Amvescap CEO Marty Flanagan, at the helm of the British-based, Atlanta-operated investment manager a mere six months, made his first big splash earlier this week: the $730 million acquisition of exchange-traded fund firm PowerShares Capital Management.
Bruce Bond |
"The combination of PowerShare's ETFs and AIM's broad range of actively-managed mutual funds really creates a very robust and comprehensive lineup," Flanagan said in a conference call with reporters. "This puts us in a very important and leading position in [the ETF] marketplace, like no one has offered the adviser channel."
Wheaton, Ill.-based PowerShares will be affiliated with Amvescap's U.S. unit, AIM Investments, and Bond, who will continue to lead PowerShares, will report to AIM President Mark Williamson.

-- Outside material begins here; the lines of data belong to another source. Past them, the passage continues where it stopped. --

(* In the setting below, $C=S/\operatorname{Ann}_S(F)$ is a free extension with base $A=\mathsf{k}[t]/(t^n)$ and fiber $B=R/\operatorname{Ann}_R(F_B)$ (via $\iota,\pi$) if and only if for every $g_{n-1}\in\operatorname{Ann}_R(F_B)$ there exist $g_0,\dots,g_{n-2}\in R$ such that $t^{n-1}g_0+t^{n-2}g_1+\cdots+tg_{n-2}+g_{n-1}\in\operatorname{Ann}_S(F)$.
   Context: $\mathsf{k}$ a field, $n\ge2$, $R=\mathsf{k}[x_1,\dots,x_r]$ standard graded, $S=R[t]$; $Q_R=\mathsf{k}_{DP}[X_1,\dots,X_r]$, $Q_S=\mathsf{k}_{DP}[X_1,\dots,X_r,T]$ divided power rings with the contraction action ($x_i^s\circ X_i^{[k]}=X_i^{[k-s]}$ for $k\ge s$, else $0$; likewise $t$ on $T$). $F_B\in Q_R$ homogeneous of degree $j_B$, $G_0=F_B$, $G_i\in Q_R$ homogeneous of degree $j_B+i$ ($1\le i\le n-1$), $F=\sum_{i=0}^{n-1}T^{[n-1-i]}G_i$. $\iota:A\to C$ is induced by $\mathsf{k}[t]\subset S$ and $\pi:C\to B$ by $t\mapsto0$, $x_i\mapsto x_i$. $C$ is a free extension with base $A$ and fiber $B$ if $\iota$ makes $C$ a free $A$-module and $\pi$ is surjective with $\ker\pi=(\iota(A_+))C$. *)

From HB Require Import structures.
From mathcomp Require Import all_boot all_order all_algebra.
Set Implicit Arguments. Unset Strict Implicit. Unset Printing Implicit Defensive.
Import GRing.Theory.
Local Open Scope ring_scope.

(* Polynomial ring k[x_1,...,x_r], realised as iterated univariate polynomials:
   P k 0 = k,  P k (r+1) = {poly P k r}  (the outermost variable is x_{r+1}).
   R = P k r, and S = R[t] = {poly P k r} = P k r.+1 (t is the outermost 'X).

   The divided power ring Q_R = k_DP[X_1,...,X_r] is, as a k-vector space,
   free on the divided monomials X^[a]; we represent it on the same carrier
   P k r, the "monomial" X^a of P k r standing for the divided monomial X^[a].
   Likewise Q_S = {poly Q_R} with 'X^j standing for T^[j].  Only the
   contraction action of R (resp. S) on Q_R (resp. Q_S) and the products
   T^[j] * G (G in Q_R), which involve no binomial factors, are used. *)
Fixpoint P (k : fieldType) (r : nat) : comNzRingType :=
  match r with
  | 0 => k
  | r'.+1 => ({poly P k r'} : comNzRingType)
  end.

(* Contraction action  h o F  of P k r (polynomials) on P k r (divided powers):
   x^s o X^[m] = X^[m-s] if m >= s and 0 otherwise, extended bilinearly. *)
Fixpoint contr (k : fieldType) (r : nat) : P k r -> P k r -> P k r :=
  match r return P k r -> P k r -> P k r with
  | 0 => fun c F => c * F
  | r'.+1 => fun (h F : {poly P k r'}) =>
      \poly_(j < size F) \sum_(i < size h) contr h`_i F`_(i + j)
  end.

Definition Ann (k : fieldType) (r : nat) (F : P k r) (g : P k r) : Prop :=
  contr g F = 0.

Fixpoint homog (k : fieldType) (r : nat) : nat -> P k r -> bool :=
  match r return nat -> P k r -> bool with
  | 0 => fun d c => (d == 0)%N || (c == 0)
  | r'.+1 => fun d (p : {poly P k r'}) =>
      [forall i : 'I_(size p),
         if (i <= d)%N then homog (d - i) p`_i else p`_i == 0]
  end.

Fixpoint emb (k : fieldType) (r : nat) : k -> P k r :=
  match r return k -> P k r with
  | 0 => fun c => c
  | r'.+1 => fun c => ((emb r' c)%:P : {poly P k r'})
  end.

Definition Fpoly (k : fieldType) (r n : nat) (G : nat -> P k r) : P k r.+1 :=
  \sum_(i < n) (G i)%:P * 'X^(n.-1 - i).

(* Lift to S of the image under iota of (the class in A = k[t]/(t^n) of)
   a in k[t]:  a(t) viewed in S = R[t]. *)
Definition liftA (k : fieldType) (r : nat) (a : {poly k}) : P k r.+1 :=
  map_poly (@emb k r) a.

(* "C = S/Ann_S(F) is a free extension with base A = k[t]/(t^n) and fiber
   B = R/Ann_R(FB) via iota, pi", written out on representatives:
   elements of C are classes of h in S modulo Ann_S(F), elements of A
   classes of a in k[t] modulo (t^n), elements of B classes of b in R modulo
   Ann_R(FB); iota(a) = class of a(t), pi(class of h) = class of h(x,0) = h`_0.
   (1) C is a free A-module via iota: there is a (necessarily finite, as
       C is finite dimensional) A-basis (s_j)_{j<m}: every element is an
       A-combination of the s_j, and an A-combination vanishes in C only if
       all coefficients vanish in A (i.e. are divisible by t^n);
   (2) pi is surjective;
   (3) ker pi = (iota(A_+)) C, the ideal of C generated by iota(A_+) = (t). *)
Definition free_extension (k : fieldType) (r n : nat) (F : P k r.+1) (FB : P k r)
  : Prop :=
  [/\ (exists m (s : 'I_m -> P k r.+1),
         (forall h : P k r.+1, exists a : 'I_m -> {poly k},
             Ann F (h - \sum_(j < m) liftA r (a j) * s j))
      /\ (forall a : 'I_m -> {poly k},
             Ann F (\sum_(j < m) liftA r (a j) * s j) ->
             forall j, 'X^n %| a j)),
      (forall b : P k r, exists h : P k r.+1,
          Ann FB ((h : {poly P k r})`_0 - b))
    & (forall h : P k r.+1,
          Ann FB ((h : {poly P k r})`_0) <->
          exists u v : P k r.+1, h = ('X : {poly P k r}) * u + v /\ Ann F v)].

From HB Require Import structures.
From mathcomp Require Import all_boot all_order all_algebra.
From mathcomp Require Import ring zify.
From Stdlib Require Import Classical.
Set Implicit Arguments.
Unset Strict Implicit.
Unset Printing Implicit Defensive.
Import GRing.Theory.
Local Open Scope ring_scope.

(* Write elements of S = R[t] as polynomials w = w_0 + w_1 t + ... in t.  Since F has
   t-degree n - 1 with top coefficient F_B, the top coefficient of w o F is w_0 o F_B;
   so Ann_S(F) maps into Ann_R(F_B) under t |-> 0, and t^n annihilates F.  The lifting
   condition says exactly that ker pi = (t) + Ann_S(F).  Granting it, a k-basis of the
   finite-dimensional algebra B lifts to an A-basis of C: spanning by t-adic
   approximation up to t^n, freeness by peeling off one power of t at a time.
   Conversely, if ker pi = (t) C then g_(n-1) = t u + v with v in Ann_S(F), and the
   g_i are read off from u truncated below t^(n-1). *)

Section Embedding.
Variables (k : fieldType) (r : nat).

Lemma embB (a b : k) : emb r (a - b) = emb r a - emb r b.
Proof. by elim: r => //= r' ->; rewrite polyCB. Qed.

Lemma embM (a b : k) : emb r (a * b) = emb r a * emb r b.
Proof. by elim: r => //= r' ->; rewrite polyCM. Qed.

Lemma emb1 : emb r 1 = 1 :> P k r.
Proof. by elim: r => //= r' ->. Qed.

HB.instance Definition _ := GRing.isZmodMorphism.Build k (P k r) (@emb k r) embB.
HB.instance Definition _ :=
  GRing.isMultiplicative.Build k (P k r) (@emb k r) (conj embM emb1).

End Embedding.

Section Contraction.
Variable k : fieldType.

Lemma contr0l r (F : P k r) : contr 0 F = 0.
Proof.
elim: r F => [|r IH] F /=; first by rewrite mul0r.
by apply/polyP=> j; rewrite coef_poly coef0 size_poly0 big_ord0; case: ifP.
Qed.

Lemma contr0r r (g : P k r) : contr g 0 = 0.
Proof.
elim: r g => [|r IH] g /=; first by rewrite mulr0.
by apply/polyP=> j; rewrite coef_poly size_poly0 ltn0 coef0.
Qed.

Lemma coef_contr r (h F : {poly P k r}) N j : (size h <= N)%N ->
  (@contr k r.+1 h F)`_j = \sum_(i < N) contr h`_i F`_(i + j).
Proof.
move=> hN; rewrite /= coef_poly (big_ord_widen N (fun i => contr h`_i F`_(i + j)) hN).
rewrite big_mkcond /=; case: ltnP => jF.
  by apply: eq_bigr => i _; case: ltnP => // /leq_sizeP ->; rewrite ?contr0l.
rewrite big1 // => i _; rewrite [F`_ _]nth_default ?contr0r //.
exact: leq_trans jF (leq_addl _ _).
Qed.

Lemma contrD r (g h F : P k r) : contr (g + h) F = contr g F + contr h F.
Proof.
elim: r g h F => [|r IH] g h F /=; first by rewrite mulrDl.
apply/polyP=> j; rewrite coefD.
set N := maxn (size g) (size h).
rewrite !(@coef_contr r _ _ N) ?leq_maxl ?leq_maxr ?size_add // -big_split /=.
by apply: eq_bigr => i _; rewrite coefD IH.
Qed.

Lemma contrZ r (c : k) (g F : P k r) : contr (emb r c * g) F = emb r c * contr g F.
Proof.
elim: r g F => [|r IH] g F /=; first by rewrite mulrA.
apply/polyP=> j; rewrite coefCM.
set N := maxn (size ((emb r c)%:P * g)) (size g).
rewrite !(@coef_contr r _ _ N) ?leq_maxl ?leq_maxr // mulr_sumr.
by apply: eq_bigr => i _; rewrite coefCM IH.
Qed.

Lemma AnnD r (F g h : P k r) : Ann F g -> Ann F h -> Ann F (g + h).
Proof. by rewrite /Ann contrD => -> ->; rewrite addr0. Qed.

Lemma AnnZ r (F g : P k r) c : Ann F g -> Ann F (emb r c * g).
Proof. by rewrite /Ann contrZ => ->; rewrite mulr0. Qed.

End Contraction.

Section BasisExtraction.
Variables (k : fieldType) (V : comNzRingType) (iota : {rmorphism k -> V}).
Variable K : V -> Prop.
Hypotheses (K_add : forall a b, K a -> K b -> K (a + b))
           (K_scale : forall c a, K a -> K (iota c * a)).
Variables (I : finType) (u : I -> V).

Definition spans_mod (S : {set I}) :=
  forall h, exists c : I -> k, K (h - \sum_(i in S) iota (c i) * u i).

Definition free_mod (S : {set I}) :=
  forall c : I -> k, K (\sum_(i in S) iota (c i) * u i) -> forall i, i \in S -> c i = 0.

Lemma spans_mod_shrink S : spans_mod S -> ~ free_mod S ->
  exists2 S', spans_mod S' & (#|S'| < #|S|)%N.
Proof.
move=> spS nfrS.
have [c [i0 [i0S Kc ci0]]] : exists c i0,
    [/\ i0 \in S, K (\sum_(i in S) iota (c i) * u i) & c i0 != 0].
  apply: NNPP => H; apply: nfrS => c Kc i iS; apply: NNPP => ne; apply: H.
  by exists c, i; split => //; apply/eqP.
exists (S :\ i0); last by rewrite (cardsD1 i0 S) i0S.
move=> h; have [c' Kc'] := spS h.
pose l := c' i0 / c i0.
exists (fun i => c' i - l * c i).
have split_i0 g : \sum_(i in S) iota (g i) * u i =
    iota (g i0) * u i0 + \sum_(i in S :\ i0) iota (g i) * u i.
  by rewrite (bigD1 i0) //=; congr (_ + _); apply: eq_bigl => i; rewrite in_setD1 andbC.
have -> : \sum_(i in S :\ i0) iota (c' i - l * c i) * u i =
    \sum_(i in S :\ i0) iota (c' i) * u i - iota l * \sum_(i in S :\ i0) iota (c i) * u i.
  rewrite mulr_sumr -sumrB; apply: eq_bigr => i _.
  by rewrite rmorphB rmorphM mulrBl mulrA.
have l_ci0 : iota l * iota (c i0) = iota (c' i0) by rewrite -rmorphM /l divfK.
move: (K_add (K_scale l Kc) Kc'); rewrite !split_i0 -l_ci0.
by congr K; ring.
Qed.

Lemma spans_mod_free_subset S : spans_mod S -> exists2 S', spans_mod S' & free_mod S'.
Proof.
elim: {S}_.+1 {-2}S (ltnSn #|S|) => // N IH S ltSN spS.
have [frS|nfrS] := classic (free_mod S); first by exists S.
have [S' spS' ltS'S] := spans_mod_shrink spS nfrS.
exact: IH (leq_trans ltS'S _) spS'.
Qed.

Lemma exists_basis_mod : (forall h, exists c : I -> k, K (h - \sum_i iota (c i) * u i)) ->
  exists m (b : 'I_m -> V),
  (forall h, exists c : 'I_m -> k, K (h - \sum_j iota (c j) * b j)) /\
  (forall c : 'I_m -> k, K (\sum_j iota (c j) * b j) -> forall j, c j = 0).
Proof.
move=> spI; have [S spS frS] : exists2 S, spans_mod S & free_mod S.
  apply: (@spans_mod_free_subset [set: I]) => h; have [c Kc] := spI h.
  by exists c; under eq_bigl do rewrite in_setT.
exists #|S|, (fun j => u (enum_val j)); split.
  move=> h; have [c Kc] := spS h; exists (fun j => c (enum_val j)).
  by rewrite big_enum_val in Kc.
move=> c' Kc' j.
pose c x := if [pick j | enum_val j == x] is Some j then c' j else 0.
have cE j0 : c (enum_val j0) = c' j0.
  by rewrite /c; case: pickP => [j1 /eqP /enum_val_inj -> //|/(_ j0)]; rewrite eqxx.
rewrite -cE; apply: frS (enum_valP j); rewrite big_enum_val.
by under eq_bigr do rewrite cE.
Qed.

End BasisExtraction.

Section FiniteSpan.
Variable k : fieldType.

Lemma Ann_coefwise r (F d : {poly P k r}) :
  (forall i j, (i + j < size F)%N -> Ann F`_(i + j) d`_i) -> @Ann k r.+1 F d.
Proof.
move=> H; apply/polyP => j; rewrite coef0 (@coef_contr k r _ _ (size d)) //.
rewrite big1 // => i _; case: (ltnP (i + j) (size F)) => ijF; first exact: H.
by rewrite [F`_ _]nth_default ?contr0r.
Qed.

(* Contraction into F only reads the coefficients F`_i with i < size F, so the
   induction hypothesis is applied to all of them at once. *)
Lemma finite_span_mod_Ann r (Fs : seq (P k r)) :
  exists (I : finType) (u : I -> P k r), forall h, exists c : I -> k,
    forall F, F \in Fs -> Ann F (h - \sum_i emb r (c i) * u i).
Proof.
elim: r Fs => [|r IH] Fs.
  exists unit, (fun _ => 1) => h; exists (fun _ => h) => F _.
  by rewrite big_const card_unit /= addr0 mulr1 subrr /Ann /= mul0r.
pose D := (\max_(F <- Fs) size (F : {poly P k r})).+1.
pose Fs' := [seq (F : {poly P k r})`_i | F <- Fs, i <- iota 0 D].
have [I' [u' spu']] := IH Fs'.
exists ('I_D * I')%type, (fun p : 'I_D * I' => (u' p.2)%:P * 'X^(p.1) : {poly P k r}).
move=> h.
have /fin_all_exists [f Hf] : forall i : 'I_D, exists c : I' -> k,
    forall F, F \in Fs' -> Ann F ((h : {poly P k r})`_i - \sum_l emb r (c l) * u' l).
  by move=> i; apply: spu'.
exists (fun p => f p.1 p.2) => F FFs.
pose v i := \sum_l emb r (f i l) * u' l.
have -> : \sum_(p : 'I_D * I')
      emb r.+1 (f p.1 p.2) * ((u' p.2)%:P * 'X^(p.1) : {poly P k r})
    = \poly_(i < D) v (inord i).
  rewrite poly_def -(pair_bigA _ (fun (i : 'I_D) (l : I') =>
    emb r.+1 (f i l) * ((u' l)%:P * 'X^i : {poly P k r}))) /=.
  apply: eq_bigr => i _.
  rewrite inord_val -mul_polyC rmorph_sum mulr_suml; apply: eq_bigr => l _.
  by rewrite rmorphM mulrA.
have sFD : (size (F : {poly P k r}) <= D)%N.
  exact/leqW/(@leq_bigmax_seq _ _ xpredT
    (fun G : P k r.+1 => size (G : {poly P k r})) F FFs).
apply: Ann_coefwise => i j ijF.
have iD : (i < D)%N by apply: leq_ltn_trans (leq_addr j i) (leq_trans ijF sFD).
rewrite coefB coef_poly iD -[inord i]/(inord (Ordinal iD)) inord_val.
apply: (Hf (Ordinal iD)); apply: allpairs_f => //.
by rewrite mem_iota add0n (leq_trans ijF sFD).
Qed.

"Amvescap clearly understands that ETFs will take dramatic market share from traditional mutual funds over the next decade," says David Jackson, the editor of the ETF Investor blog and Seeking Alpha blog network. "The ETF business is tough to break into as Barclays and State Street blanket the market with index ETFs covering an widening array of asset classes."

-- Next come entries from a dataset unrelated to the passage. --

Lemma halfspace_chain_stabilizes x y l (f : nat -> vset V) : walk adj x y l ->
  (forall n, halfspace adj (f n)) -> (forall n, subset (f (S n)) (f n)) ->
  (forall n, f n x) -> (forall n, ~ f n y) ->
  exists N, forall n, N <= n -> seteq (f n) (f N).
Proof.
  intros W Hh Hmono. induction W as [x|x z y l Hxz W IH]; intros Hx Hy.
  - contradiction (Hy 0 (Hx 0)).
  - destruct (classic (forall n, f n z)) as [Hz|Hz]; [exact (IH Hz Hy)|].
    apply not_all_ex_not in Hz as [N HN]. exists N. intros n Hn.
    apply (halfspace_edge_unique _ _ x z); auto.
    intros Hnz. exact (HN (chain_antitone f Hmono N n Hn z Hnz)).
Qed.

End MedianGraph.

Section HalfSpaceAlgebra.
Context {V : Type}.
Implicit Types a c h k : vset V.

Lemma hat_sub_compl a h : nonempty a -> nonempty (compl a) ->
  hat_sub a h -> ~ hat_sub a (compl h).
Proof.
  intros [x Hx] [y Hy] [[S1 T1]|[S1 T1]] [[S2 T2]|[S2 T2]].
  - exact (S2 x Hx (S1 x Hx)).
  - apply T2. intros z Hz Hz'. exact (Hz (S1 z Hz')).
  - apply T1. intros z Hz Hz'. exact (S2 z Hz' Hz).
  - exact (S2 y Hy (S1 y Hy)).
Qed.

Lemma hat_sub_not_transverse a h k : hat_sub a h -> subset k (compl h) -> ~ transverse k a.
Proof.
  intros [[Sa _]|[Sa _]] Hk [[x [Hkx Hax]] [[y [Hky Hay]] _]].
  - exact (Hk x Hkx (Sa x Hax)).
  - exact (Hk y Hky (Sa y Hay)).
Qed.

Lemma hat_sub_mono a h k : hat_sub a h -> subset h k -> hat_sub a k.
Proof.
  intros [[Sa Na]|[Sa Na]] Hk; [left|right];
    (split; [intros x Hx; auto | intros Hka; apply Na; intros x Hx; auto]).
Qed.

Lemma transverse_mono c h k : transverse h c -> subset h k -> transverse k c \/ hat_sub c k.
Proof.
  intros [[x1 [Hx1 Cx1]] [[x2 [Hx2 Cx2]] _]] Hk.
  destruct (classic (nonempty (fun x => compl k x /\ c x))) as [N1|N1].
  - destruct (classic (nonempty (fun x => compl k x /\ compl c x))) as [N2|N2].
    + left. repeat split; [exists x1 | exists x2 | ..]; auto.
    + right; right. split.
      * intros x Hx. apply NNPP. intro Hn. apply N2. exists x; auto.
      * intros Hs. exact (Hs x1 (Hk x1 Hx1) Cx1).
  - right; left. split.
    + intros x Hx. apply NNPP. intro Hn. apply N1. exists x; auto.
    + intros Hs. exact (Cx2 (Hs x2 (Hk x2 Hx2))).
Qed.

Lemma hat_sub_or_transverse_mono c h k : hat_sub c h \/ transverse h c -> subset h k ->
  hat_sub c k \/ transverse k c.
Proof.
  intros [Hc|Hc] Hk; [left; exact (hat_sub_mono _ _ _ Hc Hk)|].
  destruct (transverse_mono _ _ _ Hc Hk); tauto.
Qed.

Paul Mazzilli, an ETF expert with Morgan Stanley, says, "It's a quick way to get into the ETF market with a name that is somewhat well-known." Mazzilli estimates that starting an ETF business from scratch would take at least a year.
Plus, there aren't currently any other PowerShares out there, and AIM competitors will have a thorny time trying to follow their lead. PowerShares is the fourth-largest ETF provider, followed by mutual fund firm The Vanguard Group, and there are no other independent ETF firms of any size available for acquisition.
For some, the move presages the direction of the mutual fund industry. "This is the first mainline mutual fund company that has reached out and said we believe ETFs are a big part of the future," Bond says, adding, that the mutual fund business "is not that transactional any more, a lot of it is consultative."
Gene Needles |
Mazzilli is skeptical about the potential impact of that sales force, but concedes, "the upside is, if they just mumble ETFs and PowerShares, it's helpful."
There's also an enormous back-office capacity that PowerShares can now tap into, which will enable them to better compete with BGI and SSgA, Mazilla says.
Bond is reticent to talk target asset figures, but he would say that "for the foreseeable future, and definitely for the first five years," he expects rapid asset growth for a firm that's already seen its AUM soar from $400 million at the beginning of 2005 to $3.8 billion today.